Calorimetric unfolding of the bimolecular and i-motif complexes of the human telomere complementary strand, d(C₃TA₂)₄

A combination of spectroscopic and calorimetric techniques is used to determine the unfolding thermodynamics of the complexes formed by the complementary sequence of the human telomere, d(C₃TA₂)₄, in the pH range of 4.2 to 6. Calorimetric melting curves show biphasic transitions; both transitions are shifted to higher temperatures as the pH is decreased, indicative of cytosine protonation, which favors the formation of C•C⁺ base pairs. Furthermore, the transition temperature, T_M, of the lower transition depends on strand concentration, while the T_M of the higher transition is independent of strand concentration, indicating the following sequential melting: bimolecular complex(s)→intramolecular complex→random coil.
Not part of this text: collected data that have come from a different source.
(* A partial sum is differentiated termwise; both tails are bounded by the tail of [M]. *)
Lemma derivable_pt_lim_Series (f : nat -> R -> R) (f' M : nat -> R) (z del : R) :
  0 < del -> (forall n, derivable_pt_lim (f n) z (f' n)) ->
  (forall n h, Rabs h < del -> Rabs (f n (z + h) - f n z) <= Rabs h * M n) ->
  ex_series M -> ex_series (fun n => f n z) ->
  derivable_pt_lim (fun q => Series (fun n => f n q)) z (Series f').
Proof.
  intros Hdel Hf HM HMs Hfz eps Heps.
  assert (Hf'M : forall n, Rabs (f' n) <= M n)
    by (intros n; exact (derive_abs_le (f n) z (f' n) (M n) del Hdel (Hf n) (HM n))).
  destruct (proj1 (is_series_Reals M (Series M)) (Series_correct M HMs) (eps / 3) ltac:(lra))
    as [N HN].
  specialize (HN N (Nat.le_refl N)). unfold R_dist in HN. apply Rabs_def2 in HN.
  destruct (derivable_pt_lim_sum_f_R0 f f' z N Hf (eps / 3) ltac:(lra)) as [a Ha].
  exists (mkposreal (Rmin a del) (Rmin_pos _ _ (cond_pos a) Hdel)). simpl.
  intros h Hh0 Hh. pose proof (Rmin_l a del). pose proof (Rmin_r a del).
  set (u := fun n => (f n (z + h) - f n z) / h).
  assert (HuM : forall n, Rabs (u n) <= M n).
  { intros n. unfold u, Rdiv. rewrite Rabs_mult, Rabs_inv.
    apply (Rmult_le_reg_r (Rabs h)); [apply Rabs_pos_lt; exact Hh0|].
    rewrite Rmult_assoc, Rinv_l by (apply Rabs_no_R0; exact Hh0).
    rewrite Rmult_1_r, Rmult_comm. apply HM. lra. }
  assert (Hfh : ex_series (fun n => f n (z + h)))
    by (apply (ex_series_shift f M z h (Rabs h)); try assumption; intros n; apply HM; lra).
  replace ((Series (fun n => f n (z + h)) - Series (fun n => f n z)) / h) with (Series u)
    by (unfold u, Rdiv; rewrite Series_scal_r, Series_minus by assumption; reflexivity).
  specialize (Ha h Hh0 ltac:(lra)).
  replace ((sum_f_R0 (fun n => f n (z + h)) N - sum_f_R0 (fun n => f n z) N) / h)
    with (sum_f_R0 u N) in Ha
    by (unfold u, Rdiv; rewrite <- minus_sum, (Rmult_comm _ (/ h)), scal_sum; reflexivity).
  pose proof (Series_sub_sum_le u M N HuM HMs).
  pose proof (Series_sub_sum_le f' M N Hf'M HMs).
  replace (Series u - Series f') with
    ((Series u - sum_f_R0 u N) - (Series f' - sum_f_R0 f' N) + (sum_f_R0 u N - sum_f_R0 f' N))
    by ring.
  eapply Rle_lt_trans; [apply Rabs_triang|].
  eapply Rle_lt_trans; [apply Rplus_le_compat_r, Rabs_triang|].
  rewrite Rabs_Ropp. lra.
Qed.

(** * The parameter [b_q] *)

Lemma geom_part_mul_sub1 (b : R) (n : nat) : geom_part b n * (b - 1) = b ^ n - 1.
Proof. induction n as [|n IH]; simpl; [ring|]. rewrite Rmult_plus_distr_r, IH. ring. Qed.

Lemma geom_part_1 (n : nat) : geom_part 1 n = INR n.
Proof. induction n as [|n IH]; simpl geom_part; [reflexivity|]. rewrite IH, pow1, S_INR. ring. Qed.

Lemma geom_part_ge0 (b : R) (n : nat) : 0 <= b -> 0 <= geom_part b n.
Proof. intros Hb. induction n; simpl geom_part; [lra|]. pose proof (pow_le b n Hb). lra. Qed.

Lemma continuity_geom_part (n : nat) : continuity (fun b => geom_part b n).
Proof.
  induction n as [|n IH]; simpl.
  - apply continuity_const. now intros ? ?.
  - apply (continuity_plus (fun b => geom_part b n) (fun b => b ^ n)); auto.
    apply derivable_continuous, derivable_pow.
Qed.

Lemma derivable_pt_lim_geom_part_1 (n : nat) :
  derivable_pt_lim (fun b => geom_part b n) 1 (INR n * (INR n - 1) / 2).
Proof.
  induction n as [|n IH]; simpl geom_part.
  - replace (INR 0 * (INR 0 - 1) / 2) with 0 by (simpl; lra). apply derivable_pt_lim_const.
  - replace (INR (S n) * (INR (S n) - 1) / 2) with (INR n * (INR n - 1) / 2 + INR n * 1 ^ pred n)
      by (rewrite pow1, S_INR; field).
    apply (derivable_pt_lim_plus (fun b => geom_part b n) (fun b => b ^ n)); auto.
    apply derivable_pt_lim_pow.
Qed.

Lemma geom_part_mul_sub_le (b p c e : R) (w : nat) :
  (forall i, (i < w)%nat -> Rabs (p * b ^ i - c) <= e) ->
  Rabs (geom_part b w * p - INR w * c) <= INR w * e.
Proof.
  intros H. induction w as [|w IH]; simpl geom_part.
  - rewrite Rmult_0_l, Rmult_0_l, Rminus_diag, Rabs_R0. simpl; lra.
  - replace ((geom_part b w + b ^ w) * p - INR (S w) * c)
      with ((geom_part b w * p - INR w * c) + (p * b ^ w - c)) by (rewrite S_INR; ring).
    eapply Rle_trans; [apply Rabs_triang|].
    rewrite S_INR. specialize (IH (fun i Hi => H i ltac:(lia))). specialize (H w ltac:(lia)). lra.
Qed.

Definition q0 (d : nat) : R := / INR (S d).

Lemma q0_pos (d : nat) : 0 < q0 d.
Proof. apply Rinv_0_lt_compat, lt_0_INR; lia. Qed.

Lemma q0_mul_succ (d : nat) : q0 d * (INR d + 1) = 1.
Proof. unfold q0. rewrite S_INR. field. pose proof (pos_INR d). lra. Qed.

Lemma q0_le_half (d : nat) : (1 <= d)%nat -> q0 d <= / 2.
Proof.
  intros Hd. unfold q0. apply Rinv_le_contravar; [lra|].
  replace 2 with (INR 2) by (simpl; lra). apply le_INR; lia.
Qed.

Lemma q0_lt1 (d : nat) : (1 <= d)%nat -> 0 < q0 d < 1.
Proof. intros Hd. pose proof (q0_pos d). pose proof (q0_le_half d Hd). lra. Qed.

Lemma q0_le_inv (d : nat) : (1 <= d)%nat -> q0 d <= / INR d.
Proof.
  intros Hd. unfold q0. apply Rinv_le_contravar; [apply lt_0_INR; lia|]. apply le_INR. lia.
Qed.

Definition sum_geom_part (d : nat) (b : R) : R := sum_f_R0 (fun i => geom_part b i) d.

Lemma geom_part_succ_sub (d : nat) (b : R) :
  geom_part b (S d) - INR (S d) = (b - 1) * sum_geom_part d b.
Proof.
  unfold sum_geom_part. induction d as [|d IH].
  - simpl. ring.
  - rewrite tech5, Rmult_plus_distr_l, (Rmult_comm (b - 1) (geom_part b (S d))),
      geom_part_mul_sub1, <- IH, (S_INR (S d)). simpl. ring.
Qed.

Lemma sum_geom_part_ge1 (d : nat) (b : R) : (1 <= d)%nat -> 0 <= b -> 1 <= sum_geom_part d b.
Proof.
  intros Hd Hb. unfold sum_geom_part. induction d as [|d IH]; [lia|].
  destruct d as [|d]; [simpl; lra|].
  rewrite tech5. pose proof (geom_part_ge0 b (S (S d)) Hb). specialize (IH ltac:(lia)). lra.
Qed.

Lemma sum_geom_part_1 (d : nat) : sum_geom_part d 1 = INR d * INR (S d) / 2.
Proof.
  unfold sum_geom_part. induction d as [|d IH]; [simpl; lra|].
  rewrite tech5, IH, geom_part_1, (S_INR (S d)), (S_INR d). field.
Qed.

Lemma continuity_sum_geom_part (d : nat) : continuity (sum_geom_part d).
Proof.
  unfold sum_geom_part. induction d as [|d IH]; simpl.
  - apply continuity_const. now intros ? ?.
  - apply (continuity_plus (fun b => sum_f_R0 (fun i => geom_part b i) d)
      (fun b => geom_part b (S d))); [exact IH|apply continuity_geom_part].
Qed.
The thermodynamic profiles for the formation of each complex, bimolecular and i-motif reveals small favorable free energy terms resulting from favorable enthalpy-unfavorable entropy compensations, uptake of protons, marginal uptake of counterions (i-motif) and marginal release of water molecules (i-motif). Furthermore, an enthalpy of 3.2 kcal/mol (bimolecular complex) and 5.0 kcal/mol (i-motif) is estimated for a single C•C⁺/C•C⁺ base-pair stack.